==== INPUT DATA ====

Lemma rect_integral_entry n (F : C -> 'M[C]_n) (x0 y0 : R) i j :
  rect_integral F x0 y0 i j = rect_contour_integral (fun z => F z i j) x0 y0.
Proof.
by rewrite /rect_contour_integral /= !big_cons big_nil addr0 !mxE !addrA.
Qed.

Definition on_rect_boundary (x0 y0 : R) z : Prop :=
  [/\ - x0 <= Re z <= x0, - y0 <= Im z <= y0 &
      [\/ Re z = x0, Re z = - x0, Im z = y0 | Im z = - y0]].

Lemma rect_sides_on_boundary (x0 y0 t : R) s : 0 <= x0 -> 0 <= y0 ->
  s \in rect_sides x0 y0 -> 0 <= t <= 1 -> on_rect_boundary x0 y0 (segment s.1 s.2 t).
Proof.
move=> x0_ge0 y0_ge0 + /andP[t0 t1].
rewrite !inE => /or4P[] /eqP ->; rewrite /on_rect_boundary /segment /=;
  (split; [apply/andP; split; nra|apply/andP; split; nra|]).
- by apply: Or41; ring.
- by apply: Or43; ring.
- by apply: Or42; ring.
- by apply: Or44; ring.
Qed.

Lemma on_rect_boundary_neq (x0 y0 : R) p z :
  ~ on_rect_boundary x0 y0 p -> on_rect_boundary x0 y0 z -> p != z.
Proof. by move=> pb zb; apply/eqP => pz; apply: pb; rewrite pz. Qed.

Lemma off_rect_boundary_segment (x0 y0 t : R) p s : 0 <= x0 -> 0 <= y0 ->
  ~ on_rect_boundary x0 y0 p -> s \in rect_sides x0 y0 -> 0 <= t <= 1 ->
  p != segment s.1 s.2 t.
Proof.
move=> x0_ge0 y0_ge0 pb sr t01; apply: on_rect_boundary_neq pb _.
exact: rect_sides_on_boundary.
Qed.

Lemma eq_rect_contour_integral f g (x0 y0 : R) : 0 <= x0 -> 0 <= y0 ->
  (forall z, on_rect_boundary x0 y0 z -> f z = g z) ->
  rect_contour_integral f x0 y0 = rect_contour_integral g x0 y0.
Proof.
move=> x0_ge0 y0_ge0 fg; rewrite /rect_contour_integral !big_seq.
apply: eq_bigr => s sr; apply: eq_cintegral01 => t t01.
by rewrite fg //; exact: rect_sides_on_boundary.
Qed.

Lemma rect_contour_integral_simple_poles (I : Type) (r : seq I) (k p q : I -> C)
    (x0 y0 : R) : 0 <= x0 -> 0 <= y0 ->
  (forall i, ~ on_rect_boundary x0 y0 (p i)) ->
  (forall i, ~ on_rect_boundary x0 y0 (q i)) -> (forall i, p i != q i) ->
  rect_contour_integral (fun z => \sum_(i <- r) k i * ((p i - z)^-1 * (q i - z)^-1)) x0 y0 =
  \sum_(i <- r) k i / (q i - p i) *
    (rect_contour_integral (fun z => (p i - z)^-1) x0 y0 -
     rect_contour_integral (fun z => (q i - z)^-1) x0 y0).
Proof.
move=> x0_ge0 y0_ge0 hp hq pq.
rewrite (eq_rect_contour_integral (g := fun z => \sum_(i <- r)
    k i / (q i - p i) * ((p i - z)^-1 - (q i - z)^-1))) //; last first.
  move=> z zb; apply: eq_bigr => i _.
  rewrite -mulrA -partial_fraction2 //.
  - exact: on_rect_boundary_neq (hp i) zb.
  - exact: on_rect_boundary_neq (hq i) zb.
have side s : s \in rect_sides x0 y0 -> line_integral (fun z => \sum_(i <- r)
      k i / (q i - p i) * ((p i - z)^-1 - (q i - z)^-1)) s.1 s.2 =
    \sum_(i <- r) k i / (q i - p i) * (line_integral (fun z => (p i - z)^-1) s.1 s.2 -
                                      line_integral (fun z => (q i - z)^-1) s.1 s.2).
  move=> sr; apply: line_integral_cauchy_diff_sum => i t t01.
    exact: off_rect_boundary_segment x0_ge0 y0_ge0 (hp i) sr t01.
  exact: off_rect_boundary_segment x0_ge0 y0_ge0 (hq i) sr t01.
rewrite /rect_contour_integral big_seq (eq_bigr _ side) -big_seq exchange_big /=.
apply: eq_bigr => i _.
by rewrite -mulr_sumr -sumrB.
Qed.

Lemma complex_eta (w : C) : w = Complex (Re w) (Im w).
Proof. by case: w. Qed.

Lemma Re_rect_contour_integral_cauchy p (x0 y0 : R) : 0 <= x0 -> 0 <= y0 ->
  ~ on_rect_boundary x0 y0 p ->
  Re (rect_contour_integral (fun z => (p - z)^-1) x0 y0) = 0.
Proof.
move=> x0_ge0 y0_ge0 pb; rewrite /rect_contour_integral raddf_sum big_seq.
rewrite (eq_bigr (fun s => log_modulus (p - s.1) - log_modulus (p - s.2))).
  by rewrite -big_seq /= !big_cons big_nil; ring.
move=> s sr; apply: Re_line_integral_cauchy => t t01.
exact: off_rect_boundary_segment x0_ge0 y0_ge0 pb sr t01.
Qed.

Lemma off_rect_boundary_Im p (x0 y0 : R) : y0 < `|Im p| -> ~ on_rect_boundary x0 y0 p.
Proof. by move=> hp [_ /andP[lo hi] _]; move: hp; rewrite ltNge ler_norml lo hi. Qed.

Lemma off_rect_boundary_real (l x0 y0 : R) : `|l| < x0 -> 0 < y0 ->
  ~ on_rect_boundary x0 y0 (Complex l 0).
Proof. by rewrite ltr_norml => /andP[lo hi] y0_gt0 [_ _ /= []] E; lra. Qed.

Lemma rect_contour_integral_cauchy_outside p (x0 y0 : R) : 0 <= x0 -> 0 <= y0 ->
  y0 < `|Im p| -> rect_contour_integral (fun z => (p - z)^-1) x0 y0 = 0.
Proof.
move=> x0_ge0 y0_ge0 hp.
have hIm s t : s \in rect_sides x0 y0 -> 0 <= t <= 1 -> Im (p - segment s.1 s.2 t) != 0.
  move=> sr t01; have [_ /andP[lo hi] _] := rect_sides_on_boundary x0_ge0 y0_ge0 sr t01.
  rewrite (_ : Im (p - _) = Im p - Im (segment s.1 s.2 t)); last by case: (segment _ _ _); case: (p).
  by rewrite subr_eq0; apply/eqP => E; move: hp; rewrite E ltNge ler_norml lo hi.
rewrite [LHS]complex_eta Re_rect_contour_integral_cauchy //; last first.
  exact: off_rect_boundary_Im.
rewrite /rect_contour_integral raddf_sum big_seq.
rewrite (eq_bigr (fun s => atan (Re (p - s.2) / Im (p - s.2)) -
                           atan (Re (p - s.1) / Im (p - s.1)))).
  by rewrite -big_seq /= !big_cons big_nil; congr Complex; ring.
by move=> s sr; apply: Im_line_integral_cauchy_Im => t; exact: hIm.
Qed.

Lemma rect_contour_integral_cauchy_real_inside (l x0 y0 : R) : `|l| < x0 -> 0 < y0 ->
  rect_contour_integral (fun z => (Complex l 0 - z)^-1) x0 y0 = Complex 0 (- (2 * pi)).
Proof.
move=> l_in y0_gt0; have /andP[lo hi] : - x0 < l < x0 by rewrite -ltr_norml.
have x0_gt0 : 0 < x0 by rewrite (le_lt_trans (normr_ge0 l)).
rewrite [LHS]complex_eta Re_rect_contour_integral_cauchy ?ltW //; last first.
  exact: off_rect_boundary_real.
congr Complex.
have ImD (w w' : C) : Im (w + w') = Im w + Im w' by case: w; case: w'.
rewrite /rect_contour_integral [rect_sides _ _]/= !big_cons big_nil addr0 !ImD.
rewrite Im_line_integral_cauchy_Re; last first.
  by move=> t /andP[t0 t1]; rewrite /segment /=; apply/eqP => E; lra.
rewrite Im_line_integral_cauchy_Im; last first.
  by move=> t /andP[t0 t1]; rewrite /segment /=; apply/eqP => E; nra.
rewrite Im_line_integral_cauchy_Re; last first.
  by move=> t /andP[t0 t1]; rewrite /segment /=; apply/eqP => E; nra.
rewrite Im_line_integral_cauchy_Im; last first.
  by move=> t /andP[t0 t1]; rewrite /segment /=; apply/eqP => E; nra.
rewrite /=.
have xl : x0 - l != 0 by rewrite subr_eq0 gt_eqF.
have lx : l - x0 != 0 by rewrite subr_eq0 lt_eqF.
have xl' : x0 + l != 0 by rewrite gt_eqF //; lra.
have lx' : l - - x0 != 0 by rewrite opprK addrC.
have y0n : y0 != 0 by rewrite gt_eqF.
have a0 : 0 < y0 / (x0 - l) by rewrite divr_gt0 // subr_gt0.
have b0 : 0 < y0 / (x0 + l) by rewrite divr_gt0 //; lra.
rewrite (_ : (0 - - y0) / (l - x0) = - (y0 / (x0 - l))); last by field; rewrite ?xl ?lx ?xl' ?lx' ?y0n.
rewrite (_ : (0 - y0) / (l - x0) = y0 / (x0 - l)); last by field; rewrite ?xl ?lx ?xl' ?lx' ?y0n.
rewrite (_ : (l - - x0) / (0 - y0) = - (y0 / (x0 + l))^-1); last by field; rewrite ?xl ?lx ?xl' ?lx' ?y0n.
rewrite (_ : (l - x0) / (0 - y0) = (y0 / (x0 - l))^-1); last by field; rewrite ?xl ?lx ?xl' ?lx' ?y0n.
rewrite (_ : (0 - y0) / (l - - x0) = - (y0 / (x0 + l))); last by field; rewrite ?xl ?lx ?xl' ?lx' ?y0n.
rewrite (_ : (0 - - y0) / (l - - x0) = y0 / (x0 + l)); last by field; rewrite ?xl ?lx ?xl' ?lx' ?y0n.
rewrite (_ : (l - x0) / (0 - - y0) = - (y0 / (x0 - l))^-1); last by field; rewrite ?xl ?lx ?xl' ?lx' ?y0n.
rewrite (_ : (l - - x0) / (0 - - y0) = (y0 / (x0 + l))^-1); last by field; rewrite ?xl ?lx ?xl' ?lx' ?y0n.
rewrite !atanN !atanV //; lra.
Qed.

End RectangleContour.

Section SpectralCalculus.
Variables (R : realType) (n : nat).
Local Notation C := R[i].
Implicit Types (M : 'M[R]_n) (u : 'I_n -> 'cV[R]_n) (l : 'I_n -> R).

====

→ PROBLEM REQUIREMENTS
Using the records above, set down exactly the lines from the one with "- by apply: Or44; ring." through the one with "move=> x0_ge0 y0_ge0 pb sr", inclusive, and nothing more.

→ RESPONSE TO THIS EXERCISE
- by apply: Or44; ring.
Qed.

Lemma on_rect_boundary_neq (x0 y0 : R) p z :
  ~ on_rect_boundary x0 y0 p -> on_rect_boundary x0 y0 z -> p != z.
Proof. by move=> pb zb; apply/eqP => pz; apply: pb; rewrite pz. Qed.

Lemma off_rect_boundary_segment (x0 y0 t : R) p s : 0 <= x0 -> 0 <= y0 ->
  ~ on_rect_boundary x0 y0 p -> s \in rect_sides x0 y0 -> 0 <= t <= 1 ->
  p != segment s.1 s.2 t.
Proof.
move=> x0_ge0 y0_ge0 pb sr t01; apply: on_rect_boundary_neq pb _.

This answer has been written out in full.